Они еще от того ужина с главным редактором не отошли, два дня прошло, а тут новая волна. Катя, как ему показалась, так и не пришла в чувства. Вела себя апатично, замкнуто.

— А что тут думать? Вон у тебя претендентка готова. Женись! Ее расчетливость и прагматизм как раз по твою душу! Документки уже вон готовы и график на всю оставшуюся жизнь — все, как ты любишь! Она точно страдать и переживать не будет, если ты на пару месяцев пропадешь. И претензий к тебе никаких не будет. Будет сидеть как мышь, лишь бы ты ее не пнул!

В какой-то момент Дима перестал на нее смотреть, отвернулся. Когда Катя вновь столкнулась с его голубыми глазами, замолчала.

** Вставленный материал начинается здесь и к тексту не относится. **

(* Let $n\ge0$, let $T\in\mathcal{T}_n$, and let $\pi=\varphi(T)$. Then $\operatorname{des}(\pi)=\operatorname{cdes}(T)$.
   Context: $\mathcal{T}_n$ is the set of plane (ordered) rooted trees with $n$ edges whose edges are labeled bijectively by $\{1,\dots,n\}$. For a non-root vertex $c$ whose edge to its parent has label $\ell$, define recursively $W(c)=\ell\,U\,\ell$, where $U$ is the concatenation of $W(c')$ over the children $c'$ of $c$ from left to right; $\varphi(T)$ is the concatenation of $W(c)$ over the children $c$ of the root from left to right (i.e. the sequence of edge labels recorded along a left-to-right depth-first walk, each edge recorded when traversed downward and upward). For a sequence $\pi_1\cdots\pi_r$, $i\in\{1,\dots,r\}$ is a descent if $\pi_i>\pi_{i+1}$ or $i=r$, and $\operatorname{des}(\pi)$ counts descents; the number of cyclic descents is $\operatorname{cdes}(\pi_1\cdots\pi_r)=|\{i\in\{1,\dots,r\}:\pi_i>\pi_{i+1}\}|$ with the convention $\pi_{r+1}=\pi_1$. For a vertex $v$ of $T$ whose children edges have labels $a_1,\dots,a_d$ from left to right: if $v$ is not the root and its parent edge has label $\ell$, $\operatorname{cdes}(v)=\operatorname{cdes}(\ell a_1\cdots a_d)$; if $v$ is the root, $\operatorname{cdes}(v)=\operatorname{des}(a_1\cdots a_d)$. Finally $\operatorname{cdes}(T)=\sum_v\operatorname{cdes}(v)$ over all vertices $v$ of $T$. *)

From mathcomp Require Import all_boot.
Set Implicit Arguments. Unset Strict Implicit. Unset Printing Implicit Defensive.

(* A non-root vertex of a plane rooted tree, together with the label of the
   edge to its parent and the ordered (left-to-right) list of its children. *)
Inductive ltree : Type := LT (lab : nat) (children : seq ltree).

(* A plane rooted tree with labeled edges = ordered list of the root's children. *)
Definition ptree := seq ltree.

Definition lab (t : ltree) : nat := let: LT l _ := t in l.

Fixpoint labels (t : ltree) : seq nat :=
  let: LT l cs := t in l :: flatten (map labels cs).

Definition tree_labels (T : ptree) : seq nat := flatten (map labels T).

Definition in_Tn (n : nat) (T : ptree) : Prop := perm_eq (tree_labels T) (iota 1 n).

Fixpoint W (t : ltree) : seq nat :=
  let: LT l cs := t in l :: rcons (flatten (map W cs)) l.

Definition phi (T : ptree) : seq nat := flatten (map W T).

(* des: positions i (0-based here) with s_i > s_{i+1} or i the last position *)
Definition des (s : seq nat) : nat :=
  \sum_(i < size s) ((i.+1 == size s) || (nth 0 s i.+1 < nth 0 s i)).

Definition cdes (s : seq nat) : nat :=
  \sum_(i < size s) (nth 0 s (i.+1 %% size s) < nth 0 s i).

(* sum of cdes(v) over all vertices v of the subtree rooted at the child c *)
Fixpoint cdes_sub (t : ltree) : nat :=
  let: LT l cs := t in cdes (l :: map lab cs) + sumn (map cdes_sub cs).

Definition cdes_tree (T : ptree) : nat := des (map lab T) + sumn (map cdes_sub T).

From mathcomp Require Import all_boot.

(** Proof idea: apart from the final position, the descents of a word are its
   adjacent descending pairs, counted by [path_des].  The word [W c = l U l]
   begins and ends with [l], and [U] concatenates the words [W c'] of the
   children, each beginning and ending with the label of [c'].  So the
   descending pairs of [W c] are those inside the [W c'], those at the junctions
   of consecutive [W c'] (comparing consecutive child labels [a_i a_(i+1)]), and
   [l a_1], [a_d l]: the latter two kinds are the cyclic descents of
   [l a_1 ... a_d].  At the root the final position of [phi T] stands in for the
   final position of [a_1 ... a_d]. *)

Definition path_des (x : nat) (s : seq nat) : nat :=
  count id (pairmap (fun a b => b < a) x s).

Lemma path_des_cons x y s : path_des x (y :: s) = (y < x) + path_des y s.
Proof. by []. Qed.

Lemma path_des_cat x s1 s2 :
  path_des x (s1 ++ s2) = path_des x s1 + path_des (last x s1) s2.
Proof. by rewrite /path_des pairmap_cat count_cat. Qed.

Lemma path_des_rcons x s y :
  path_des x (rcons s y) = path_des x s + (y < last x s).
Proof. by rewrite -cats1 path_des_cat /path_des /= addn0. Qed.

Lemma path_des_sum x s :
  path_des x s = \sum_(i < size s) (nth 0 (x :: s) i.+1 < nth 0 (x :: s) i).
Proof.
elim: s x => [|y s IHs] x; first by rewrite big_ord0.
by rewrite path_des_cons IHs big_ord_recl.
Qed.

Lemma des_cons x s : des (x :: s) = path_des x s + 1.
Proof.
rewrite /des big_ord_recr /= eqxx path_des_sum; congr (_ + _).
by apply: eq_bigr => i _; rewrite eqSS ltn_eqF.
Qed.

Lemma des_head s : des s = path_des (head 0 s) s + (0 < size s).
Proof.
case: s => [|x s]; first by rewrite /des big_ord0.
by rewrite des_cons path_des_cons ltnn.
Qed.

Lemma cdes_cons x s : cdes (x :: s) = path_des x s + (x < last x s).
Proof.
rewrite /cdes big_ord_recr /= modnn path_des_sum (last_nth 0); congr (_ + _).
by apply: eq_bigr => i _; rewrite modn_small // ltnS ltn_ord.
Qed.

Lemma forest_ind (P : ltree -> Prop) (Q : ptree -> Prop) :
  Q [::] -> (forall t ts, P t -> Q ts -> Q (t :: ts)) ->
  (forall l ts, Q ts -> P (LT l ts)) ->
  forall ts, Q ts.
Proof.
move=> Qnil Qcons PLT.
have tree_ind : forall t, P t.
  refine (fix IH t := let: LT l ts := t in PLT l ts
    ((fix IHs ts : Q ts := match ts with
      | [::] => Qnil
      | t :: ts' => Qcons t ts' (IH t) (IHs ts')
      end) ts)).
by elim=> [|t ts IHts] //; apply: Qcons.
Qed.

Lemma last_W x t : last x (W t) = lab t.
Proof. by case: t => l ts; rewrite /= last_rcons. Qed.

Lemma last_phi x T : last x (phi T) = last x (map lab T).
Proof.
elim: T x => [|t T IHT] x //=.
by rewrite last_cat last_W IHT.
Qed.

Lemma head_phi T : head 0 (phi T) = head 0 (map lab T).
Proof. by case: T => [|[]]. Qed.

Lemma size_phi_gt0 T : (0 < size (phi T)) = (0 < size T).
Proof. by case: T => [|[]]. Qed.

Lemma path_des_W_LT x l ts :
  (forall y, path_des y (phi ts) = path_des y (map lab ts) + sumn (map cdes_sub ts)) ->
  path_des x (W (LT l ts)) = (l < x) + cdes_sub (LT l ts).
Proof.
move=> path_des_children.
have -> : W (LT l ts) = l :: rcons (phi ts) l by [].
rewrite path_des_cons path_des_rcons path_des_children last_phi /= cdes_cons.
by rewrite addnAC -!addnA.
Qed.

Lemma path_des_phi x T :
  path_des x (phi T) = path_des x (map lab T) + sumn (map cdes_sub T).
Proof.
move: T x; apply: (forest_ind
  (fun t => forall x, path_des x (W t) = (lab t < x) + cdes_sub t)).
- by [].
- move=> t T' path_des_W IHT x.
  have -> : phi (t :: T') = W t ++ phi T' by [].
  rewrite path_des_cat path_des_W last_W IHT /= path_des_cons.
  by rewrite -!addnA; congr (_ + _); rewrite addnCA.
- by move=> l ts IHts x; apply: path_des_W_LT.
Qed.

Theorem lemma2p1 (n : nat) (T : ptree) :
  in_Tn n T -> des (phi T) = cdes_tree T.
Proof.
(* The identity holds for arbitrary labels. *)
move=> _.
rewrite /cdes_tree !des_head head_phi path_des_phi size_phi_gt0 size_map.
by rewrite addnAC.
Qed.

— Продолжай, продолжай, — подстегнул он.

— Не будь того первого секса, ты бы ко мне не подошел. — Сердце у Кати тревожно екнуло, но остановиться она не смогла. Понизила тон, но от этого слова не перестали быть острее и больнее. — Так и встречался бы со своей Адочкой. Просто принципы у тебя такие, не знал, наверное, как отцу моему в глаза смотреть будешь, вот и пошел на поводу…

Он поднялся с кресла, но остался стоять у стола. Схватил чашку с кофе, быстро глотнул несколько раз, словно куда-то торопился. Дождавшись от Кати внушительной паузы, взял авторучку и подписал лежащие на столе бумажки. Те самые, кто Катерина принесла ему в кабинет. Брачный договор. С Филяевой.

Щелкнул авторучкой. Этот щелчок в убийственной тишине кабинета прозвучал как выстрел. В голову. У Кати от боли заломило виски.

Один быстрый четкий росчерк. И все. Все.

Больше не хотелось говорить. Ни говорить, ни слушать. Ни любить, ни встречаться. Ни страдать, ни мучиться, ни болеть. Ей больше ничего не хотелось


Глава 16


Крапивин решительно вошел в открытую дверь кабинета Агаты. Она столкнулась с его холодно пылающим взглядом и вздрогнула. Замерла, перестав суетливо складывать в коробку какие-то документы.

— Что-то ты задержалась. Я тебе еще пятнадцать минут назад сказал: чтобы духу твоего здесь не было. Или ты мое спокойствие принимаешь за слабость? Я таких глупых людей, как ты, еще в своей жизни не встречал. Ненавижу людскую глупость. Просто ненавижу.

— Уже ухожу, — быстро сказала и снова завозилась руками. Опустила глаза, боясь смотреть Дмитрию в лицо.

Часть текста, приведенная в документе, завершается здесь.